As BlackHatters have become more sophisticated, so, too, have their earliest victims – larger businesses and financial institutions. While that was good news to smaller businesses, it, unfortunately also caused them to fall behind the cybersecurity bell curve, thus making themselves weaker prey.

A new, effective scam was first reported last week by The Wall Street Journal, in which cybercriminals are essentially re-routing legitimate purchases to their own back accounts. Hackers first hack into the email accounts of either suppliers or purchasers so that they can have access to entire email trails.

Their ultimate goal is to find all the big dollar transactions. Once they identify those transactions, all new correspondence from the big customers are auto-forwarded to a phony email account that has been set up by the hacker to look like it came from a company executive and/or supplier. Once the criminal has contact with the legitimate buyer, the hacker then gives the target fraudulent bank account information in which to transfer the “payment.”

Small businesses are not generally as savvy at picking up on fraudulent emails as bigger businesses. Additionally, small businesses tend to use cloud-based email accounts, which are cheaper than those with dedicated servers, but that low price comes with an increased risk of being compromised.

Additionally, it doesn’t matter which company’s email the bad guys get ahold of because both sides of the emails can be seen. So even if your business has strong security, if you are doing business with a less sophisticated company, you are at risk.

In fact, a June report from the FBI stated that, in the US alone, more than 14,000 businesses have reported combined losses of close to $1 Billion since 2013, and there has been a 1,300% increase since just last year.
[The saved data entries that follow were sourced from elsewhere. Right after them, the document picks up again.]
Lemma pmx_homK (V : Type) (X1 Y1 X2 Y2 : (V -> k) -> 'I_m -> 'M[k]_n) :
  (forall i, pmx (fun x => X1 x i)) -> (forall i, pmx (fun x => Y1 x i)) ->
  (forall i, pmx (fun x => X2 x i)) -> (forall i, pmx (fun x => Y2 x i)) ->
  pmx (fun x => homK (X1 x) (Y1 x) (X2 x) (Y2 x)).
Proof.
move=> HX1 HY1 HX2 HY2 r c.
apply: (@polyf_ext _ _ (fun x =>
  mxvec (hom_defect (X1 x) (Y1 x) (X2 x) (Y2 x) (vec_mx (delta_mx 0 r))) 0 c)); last first.
  by move=> x; rewrite /homK /lin1_mx mxE.
apply: (pmx_mxvec (M := fun x => hom_defect (X1 x) (Y1 x) (X2 x) (Y2 x) _)).
by apply: pmx_col; apply: pmx_rows => i; apply: pmx_mxvec;
  apply: pmx_sub; apply: pmx_mul => //; exact: pmx_const.
Qed.

End HomSpaces.

Section RegularBimodule.
Variables (k : fieldType) (A : falgType k).
Local Notation d := (dimA A).
Local Notation b i := (bas A)`_i.
Local Notation Lr := (@Lreg _ A).
Local Notation Rr := (@Rreg _ A).

Definition coords (x : A) : 'rV[k]_d := \row_i coord (bas A) i x.
Definition of_coords (c : 'rV[k]_d) : A := \sum_i c 0 i *: b i.

Lemma coord_bas (i j : 'I_d) : coord (bas A) j (b i) = (i == j)%:R.
Proof. exact/coord_free/basis_free/vbasisP. Qed.

Lemma coordsK : cancel coords of_coords.
Proof.
move=> x; rewrite /of_coords [RHS](coord_vbasis (memvf x)).
by apply: eq_bigr => i _; rewrite mxE.
Qed.

Lemma coord_of_coords c j : coord (bas A) j (of_coords c) = c 0 j.
Proof.
rewrite /of_coords linear_sum (bigD1 j) //= big1 => [|i ij];
  rewrite linearZ /= [X in _ * X]coord_bas.
  by rewrite eqxx mulr1 addr0.
by rewrite (negbTE ij) mulr0.
Qed.

Lemma of_coordsK : cancel of_coords coords.
Proof. by move=> c; apply/rowP => j; rewrite mxE coord_of_coords. Qed.

Lemma coords0 : coords 0 = 0.
Proof. by apply/rowP => j; rewrite !mxE linear0. Qed.

Lemma coords_linear (I : finType) (c : I -> k) (y : I -> A) :
  coords (\sum_i c i *: y i) = \sum_i c i *: coords (y i).
Proof.
apply/rowP => j; rewrite mxE summxE linear_sum; apply: eq_bigr => i _.
by rewrite linearZ !mxE.
Qed.

Lemma coords_mx_inj n (M N : 'M[k]_(d, n)) :
  (forall x, coords x *m M = coords x *m N) -> M = N.
Proof.
move=> H; apply/row_matrixP => i; rewrite !rowE -(of_coordsK (delta_mx 0 i)); exact: H.
Qed.

Lemma actx_bas n (X : 'I_d -> 'M[k]_n) (i : 'I_d) : actx X (b i) = X i.
Proof.
rewrite /actx (bigD1 i) //= coord_bas eqxx scale1r big1 ?addr0 // => j ji.
by rewrite coord_bas eq_sym (negbTE ji) scale0r.
Qed.

Lemma actx_of_coords n (X : 'I_d -> 'M[k]_n) c :
  actx X (of_coords c) = \sum_i c 0 i *: X i.
Proof. by apply: eq_bigr => i _; rewrite coord_of_coords. Qed.

Lemma actx_conj n g (X : 'I_d -> 'M[k]_n) a :
  actx (conj_act g X) a = invmx g *m actx X a *m g.
Proof.
rewrite /actx /conj_act mulmx_sumr mulmx_suml; apply: eq_bigr => i _.
by rewrite scalemxAl scalemxAr.
Qed.

Lemma actx_hom n (X1 X2 : 'I_d -> 'M[k]_n) F :
  (forall i, X1 i *m F = F *m X2 i) -> forall a, actx X1 a *m F = F *m actx X2 a.
Proof.
move=> H a; rewrite /actx mulmx_suml mulmx_sumr; apply: eq_bigr => i _.
by rewrite -scalemxAl -scalemxAr H.
Qed.

Lemma coords_rreg x a : coords x *m rreg a = coords (x * a).
Proof.
apply/rowP => j; rewrite !mxE -[x in RHS]coordsK mulr_suml linear_sum.
by apply: eq_bigr => i _; rewrite !mxE -scalerAl linearZ.
Qed.

Lemma coords_lreg x a : coords x *m lreg a = coords (a * x).
Proof.
apply/rowP => j; rewrite !mxE -[x in RHS]coordsK mulr_sumr linear_sum.
by apply: eq_bigr => i _; rewrite !mxE -scalerAr linearZ.
Qed.

Lemma actx_Rreg a : actx Rr a = rreg a.
Proof.
apply: coords_mx_inj => x; rewrite coords_rreg /actx mulmx_sumr.
rewrite -[a in RHS]coordsK mulr_sumr.
under [in RHS]eq_bigr do rewrite -scalerAr.
rewrite coords_linear; apply: eq_bigr => i _.
by rewrite -scalemxAr /Rreg coords_rreg mxE.
Qed.

Lemma actx_Lreg a : actx Lr a = lreg a.
Proof.
apply: coords_mx_inj => x; rewrite coords_lreg /actx mulmx_sumr.
rewrite -[a in RHS]coordsK mulr_suml.
under [in RHS]eq_bigr do rewrite -scalerAl.
rewrite coords_linear; apply: eq_bigr => i _.
by rewrite -scalemxAr /Lreg coords_lreg mxE.
Qed.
While you may not be able to stop a hacker from targeting your small business, there are ways for you to protect yourself:

  1. Use Strong Passwords. You should not reuse or repeat passwords; with all of the compromised social media accounts, it is easy for hackers to steal passwords. F
  2. Implement Payment Verification Policies. Make it a policy that you and/or your employees must verify purchase orders or payment requests, ESPECIALLY IF THEY ARE ASKING YOU TO SEND THE PAYMENT TO A DIFFERENT BACK ACCOUNT. All it takes is a phone call.
  3. Use Business-Grade Security Software. Well known security software includes McAfee, Symantec and Webroot, all of whom have the ability to identify suspicious behaviors.
  4. Use Secure Email Servers. Virtual Private Networks (VPN) offer more secure network connections. If you are unable to purchase one of your own for $5,000, you can lease one for $5 to $100/month. VPN’s are effective at protecting against minor hackers
  5. Require Employees to Enable Two-Factor Authentication. If a hacker attempts to login on an unrecognized server, you or your employee will be notified and the hacker will not have access to the unique verification code, thus thwarting the attempt.
  6. Don’t Hesitate. If you are targeted, contact authorities immediately.
  7. Use Small Business Resources. The Small Business Administration has a great, free tutorial available regarding small business cybersecurity.